Background information
- Born: 1955 or 1956 (age 69–70)
- Origin: Kutch, Gujarat, India
- Genre: Sufi folk
- Occupation: Singer
- Years active: 1963-present

= Mooralala Marwada =

Moorala Marwada (born 1955) is a Sufi folk singer from the Janana village of the Kutch District, Gujarat, India. Marwada hails from 11th-generation of Meghwal singers of the village in Gujarat's Kutch district. He sings the poetry of Kabir, Mirabai, Ravidas and others. Mooralala sings in the Kafi form of music that has evolved and been adopted by the Hindu singers of Shah Abdul Latif Bhittai.

== Early life ==
Growing up he used to accompany his father and grandfather to satsangs, and started singing at the age of eight. Today he travels to various cities across India with his group. Currently, his musical group consists of his nephews, Sukhdev and Dekhabhai and his grandson Maheshbhai.

He has also been featured in the Kabir Project and sang "Vari Jaun" in Coke Studio (Season 2, 2012), which got him considerable recognition.
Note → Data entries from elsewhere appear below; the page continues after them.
Lemma trajectory_converges_after_half T0 :
  0 <= T0 -> 1 / 2 < X T0 -> converges_to X Rr xs 1.
Proof.
  intros HT0 HXT0 eps Heps.
  destruct (trajectory_stays_right X Rr Htraj HR T0 HT0 HXT0) as [xlo [Hxlo Hright]].
  destruct fx_toward_xs as [q [Hq Htoward]].
  set (m := q * (eps / 2) / 2).
  assert (Hm : 0 < m) by (unfold m; nra).
  destruct (small_positive_bound (eps / 2) m ((a + b + c + d) / 4))
    as [gam [Hgam [Hgam_eps HgamD]]]; try lra.
  destruct (trajectory_r_eventually_near_1 X Rr Htraj HR T0 HT0 HXT0 gam Hgam)
    as [T1 [HT1 HRT1]].
  assert (Hnear : forall t, T1 <= t -> 1 / 2 <= X t <= 1 /\ 1 - gam <= Rr t <= 1).
  { intros t Ht; destruct (Hright t ltac:(lra)) as [HXt _].
    specialize (HX t ltac:(lra)); specialize (HR t ltac:(lra)); specialize (HRT1 t Ht); lra. }
  assert (HXd := has_derivative_from_later _ _ _ _ (Rle_trans _ _ _ HT0 HT1)
                   (trajectory_x_deriv X Rr Htraj)).
  destruct (eventually_above T1 X _ m (xs - eps / 2) HXd Hm) as [T2 [HT2 Hlo]].
  { intros t Ht HXt; destruct (Hnear t Ht) as [HXt' HRt].
    refine (proj1 (Htoward (eps / 2) gam (X t) (Rr t) _ _ _ _) _); unfold m in *; lra. }
  destruct (eventually_above T1 (fun t => -1 * X t + 0) _ m (- (xs + eps / 2))
              (has_derivative_from_affine _ _ _ (-1) 0 HXd) Hm) as [T3 [HT3 Hhi]].
  { intros t Ht HXt; destruct (Hnear t Ht) as [HXt' HRt].
    enough (f (X t) (Rr t) <= - m) by lra.
    refine (proj2 (Htoward (eps / 2) gam (X t) (Rr t) _ _ _ _) _); unfold m in *; lra. }
  exists (Rmax T2 T3); intros t Ht.
  pose proof (Rmax_l T2 T3); pose proof (Rmax_r T2 T3).
  specialize (Hlo t ltac:(lra)); specialize (Hhi t ltac:(lra)); destruct (Hnear t ltac:(lra)).
  apply dist2_lt_of_Rabs_le; [lra | apply Rabs_le_between; lra | apply Rabs_le_between; lra].
Qed.

End Convergence.

Lemma top_equilibrium_lyap_stable : lyap_stable a b c d mu u xs 1.
Proof.
  intros eps Heps.
  destruct fx_toward_xs as [q [Hq Htoward]].
  set (al := Rmin (eps / 2) ((xs - 1 / 2) / 2)).
  assert (Hal : 0 < al /\ al <= eps / 2 /\ al <= (xs - 1 / 2) / 2).
  { split; [unfold al; apply Rmin_case; lra | split; [apply Rmin_l | apply Rmin_r]]. }
  destruct (small_positive_bound (Rmin (eps / 2) (1 / 2)) (q * al / 2) ((a + b + c + d) / 4))
    as [be [Hbe [Hbe_eps HbeD]]]; [apply Rmin_case; lra | nra | lra |].
  pose proof (Rmin_l (eps / 2) (1 / 2)); pose proof (Rmin_r (eps / 2) (1 / 2)).
  exists (Rmin al be); split; [apply Rmin_case; lra|].
  intros X Rr Htr [HX0 HR0] Hdist t Ht.
  destruct (Rabs_lt_of_dist2_lt _ _ _ _ _ Hdist) as [HdX HdR].
  apply Rabs_lt_between in HdX, HdR.
  pose proof (Rmin_l al be); pose proof (Rmin_r al be).
  destruct (trajectory_in_unit_square X Rr Htr ltac:(lra) ltac:(lra)) as [HX HR].
  destruct (trajectory_stays_right X Rr Htr HR 0 ltac:(lra) ltac:(lra))
    as [xlo [Hxlo Hright]].
  assert (Hnear : forall s, 0 <= s -> 1 / 2 <= X s <= 1 /\ 1 - be <= Rr s <= 1).
  { intros s Hs; destruct (Hright s Hs); specialize (HX s Hs); specialize (HR s Hs); lra. }
  assert (HXd := trajectory_x_deriv X Rr Htr).
  assert (Hlo : xs - al <= X t).
  { apply (stays_above 0 X _ 1 _ HXd); try lra.
    intros s Hs HXs; destruct (Hnear s Hs).
    enough (q * al / 2 <= f (X s) (Rr s)) by nra.
    refine (proj1 (Htoward al be (X s) (Rr s) _ _ _ _) _); lra. }
  assert (Hhi : - (xs + al) <= -1 * X t + 0).
  { apply (stays_above 0 _ _ 1 _ (has_derivative_from_affine _ _ _ (-1) 0 HXd)); try lra.
    intros s Hs HXs; destruct (Hnear s Hs).
    enough (f (X s) (Rr s) <= - (q * al / 2)) by nra.
    refine (proj2 (Htoward al be (X s) (Rr s) _ _ _ _) _); lra. }
  destruct (Hnear t Ht).
  apply dist2_lt_of_Rabs_le; [lra | apply Rabs_le_between; lra | apply Rabs_le_between; lra].
Qed.

Lemma top_equilibrium_almost_globally_stable : almost_globally_stable a b c d mu u xs 1.
Proof.
  split; [split|].
  - exact top_equilibrium_lyap_stable.
  - exists (Rmin (xs - 1 / 2) (1 / 2)); split; [apply Rmin_case; lra|].
    intros X Rr Htr [HX0 HR0] Hdist.
    destruct (Rabs_lt_of_dist2_lt _ _ _ _ _ Hdist) as [HdX HdR].
    apply Rabs_lt_between in HdX, HdR.
    pose proof (Rmin_l (xs - 1 / 2) (1 / 2)); pose proof (Rmin_r (xs - 1 / 2) (1 / 2)).
    destruct (trajectory_in_unit_square X Rr Htr ltac:(lra) ltac:(lra)) as [HX HR].
    apply (trajectory_converges_after_half X Rr Htr HX HR 0); lra.
  - intros X Rr Htr [HX0 HR0] HnBt HnBb.
    assert (HR0' : 0 < Rr 0 < 1).
    { unfold in_Bt, in_Bb in *.
      split; apply Rnot_le_lt; intros Hle; [apply HnBb | apply HnBt]; split; auto; lra. }
    destruct (trajectory_in_unit_square X Rr Htr ltac:(lra) ltac:(lra)) as [HX HR].
    destruct (trajectory_crosses_half X Rr Htr HX HR ltac:(lra)) as [T0 [HT0 HXT0]].
    exact (trajectory_converges_after_half X Rr Htr HX HR T0 HT0 HXT0).
Qed.

End TopEquilibrium.

End VectorField.

Theorem theorem21 (a b c d mu u xs : R) :
  0 < a -> 0 < b -> 0 < c -> 0 < d -> a + c <= b + d ->
  0 < mu <= 1 -> (c + d) / 2 < u ->
  1 / 2 < xs < 1 -> fx a b c d mu u xs 1 = 0 ->
  almost_globally_stable a b c d mu u xs 1.
Proof.
  intros Ha Hb Hc Hd _ [Hmu _] Hu Hxs Hfxs.
  exact (top_equilibrium_almost_globally_stable a b c d mu u Ha Hb Hc Hd Hmu Hu xs Hxs Hfxs).
Qed.
(* For every integer $n\geq 3$, $$\gamma_t(C_n\times C_3)=\left\lceil \frac{4n}{5}\right\rceil$$ and $$\gamma_p(C_n\times C_3)=\begin{cases}\left\lceil\frac{4n}{5}\right\rceil, & \text{if } n\equiv 0,2,4 \pmod 5,\\[2pt] \left\lceil\frac{4n}{5}\right\rceil+1, & \text{if } n\equiv 1,3 \pmod 5.\end{cases}$$
   Context: All graphs are finite, simple and undirected. $C_n$ denotes the cycle of order $n$ and $G\times H$ the Cartesian product of graphs. For a graph $G$ without isolated vertices: a set $D\subseteq V(G)$ is a total dominating set if every vertex of $G$ (including those in $D$) has a neighbour in $D$; $\gamma_t(G)$ is the minimum size of a total dominating set. A set $D\subseteq V(G)$ is a paired dominating set if every vertex outside $D$ has a neighbour in $D$ and the induced subgraph $G[D]$ has a perfect matching; $\gamma_p(G)$ is the minimum size of a paired dominating set. *)

From mathcomp Require Import all_boot.
Set Implicit Arguments. Unset Strict Implicit. Unset Printing Implicit Defensive.

Definition cycle_adj (n : nat) : rel 'I_n :=
  fun i j => (j == (i.+1 %% n) :> nat) || (i == (j.+1 %% n) :> nat).

Definition cart_adj (T U : finType) (e : rel T) (f : rel U) : rel (T * U) :=
  fun x y => ((x.1 == y.1) && f x.2 y.2) || ((x.2 == y.2) && e x.1 y.1).

Definition total_dominating (T : finType) (e : rel T) (D : {set T}) : Prop :=
  forall v : T, exists2 u, u \in D & e v u.

Definition dominating (T : finType) (e : rel T) (D : {set T}) : Prop :=
  forall v : T, v \notin D -> exists2 u, u \in D & e v u.

Definition has_perfect_matching (T : finType) (e : rel T) (D : {set T}) : Prop :=
  exists m : T -> T, forall x, x \in D ->
    [/\ m x \in D, m x != x, m (m x) = x & e x (m x)].

Definition paired_dominating (T : finType) (e : rel T) (D : {set T}) : Prop :=
  dominating e D /\ has_perfect_matching e D.

Definition is_min_size (T : finType) (P : {set T} -> Prop) (k : nat) : Prop :=
  (exists2 D : {set T}, P D & #|D| = k) /\ (forall D : {set T}, P D -> k <= #|D|).

Definition gamma_t_is (T : finType) (e : rel T) (k : nat) : Prop :=
  is_min_size (total_dominating e) k.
In 2019, he featured in Gujarati-language period drama film Hellaro as a playback singer. and in 2021 Hindi film Rashmi Rocket, where he sang, Rann Ma Kutchh with music by Amit Trivedi.

In 2025, he collaborated with Kathak dancer Sanjukta Sinha for choreography at the annual World Sufi Music Festival, Jahan-e-Khusrau.